It’s Clinical Trials Day

20 May 2024


Clinical Trials Day is observed annually on 20 May and commemorates the day James Lind started what is often considered the first randomised clinical trial aboard a ship in 1747. Lind’s experiment involved sailors who had scurvy, a disease caused by vitamin C deficiency. He tested various remedies to determine which was most effective in treating it.

This day now serves to recognise the importance of clinical trials in medical research and healthcare advancement. It highlights the contributions of researchers, healthcare professionals and study participants to the development of new treatments and medical interventions.

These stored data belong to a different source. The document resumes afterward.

Lemma orbit_decomp_onto :
  {in A, forall x, exists2 y, y \in rhs_set G t N1 N2 & orbit_decomp y = x}.
Proof.
move=> x xA; case: (stab_cases xA) => [[b ->]|[g gG sgx]|sx].
- by exists (inl (inl b)); rewrite ?inE.
- have rT : act g x \in tstab_points by rewrite inE act_in // sgx eqxx.
  exists (inl (inr (enum_rank_in rT (act g x), g^-1 *: <[t]>))).
    by rewrite inE; apply/lcosetsP; exists g^-1; rewrite ?groupV.
  by rewrite orbit_decomp_coset ?groupV // enum_rankK_in // actKV.
- have [g gG rx] := orbit_repP xA.
  have rF : act g x \in free_reps.
    rewrite inE act_in // stab_act // sx conjs1g eqxx /=.
    by rewrite orbit_rep_act // rx.
  exists (inr (enum_rank_in rF (act g x), g^-1)); first by rewrite inE groupV.
  by rewrite /= enum_rankK_in // actKV.
Qed.

Lemma orbit_decomp_act : {in G, forall g, {in rhs_set G t N1 N2, forall y,
  orbit_decomp (rhs_act g y) = act g (orbit_decomp y)}}.
Proof.
move=> g gG [[b|[i C]]|[i x]]; rewrite inE.
- move=> _ /=; apply/esym/eqP; rewrite -[X in _ == X](act1 (c_in b)).
  by rewrite act_eq ?group1 // stab_c invg1 mul1g.
- case/lcosetsP=> x xG ->.
  by rewrite [rhs_act _ _]/= -lcosetM !orbit_decomp_coset ?groupM // actM //
       (tstab_pointsP (enum_valP i)).1.
- move=> xG; have [rA _ _] := free_repsP (enum_valP i).
  by rewrite /= actM.
Qed.

Theorem gset_iso_orbit_decomp :
  gset_iso G A act (rhs_set G t N1 N2) (@rhs_act gT N1 N2).
Proof.
apply: (gset_iso_inverse (inl (inl false)) (@rhs_act_in _ G t _ _)).
- exact: orbit_decomp_in.
- exact: orbit_decomp_inj.
- exact: orbit_decomp_onto.
- exact: orbit_decomp_act.
Qed.

End OrbitDecomposition.

Section Coinduced.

Clinical trials are essential for evaluating the safety and effectiveness of new medical interventions and improving patient care. The efforts of these individuals in conducting groundbreaking research and their commitment to finding new and innovative treatments are greatly appreciated.

What are clinical trials?

Clinical trials are the essential final step in introducing new medical interventions to the clinic, and they provide hope for millions of people living with chronic illnesses, including MS. Conducted in four separate phases, they’re rigorously monitored and regulated:

  • Phase 1 assesses the safety and tolerability (how manageable any side effects are) of an intervention in a small group of healthy volunteers, determining the right dosage and spotting side effects.
  • Phase 2 tests the effectiveness in a larger group of people with the disease, gathering initial data on effectiveness and side effects.
  • Phase 3 confirms the effectiveness in a larger group with the disease, providing more definitive data and identifying rare side effects.
  • Phase 4 focuses on post-approval surveillance, monitoring the intervention’s long-term safety and effectiveness in a larger population.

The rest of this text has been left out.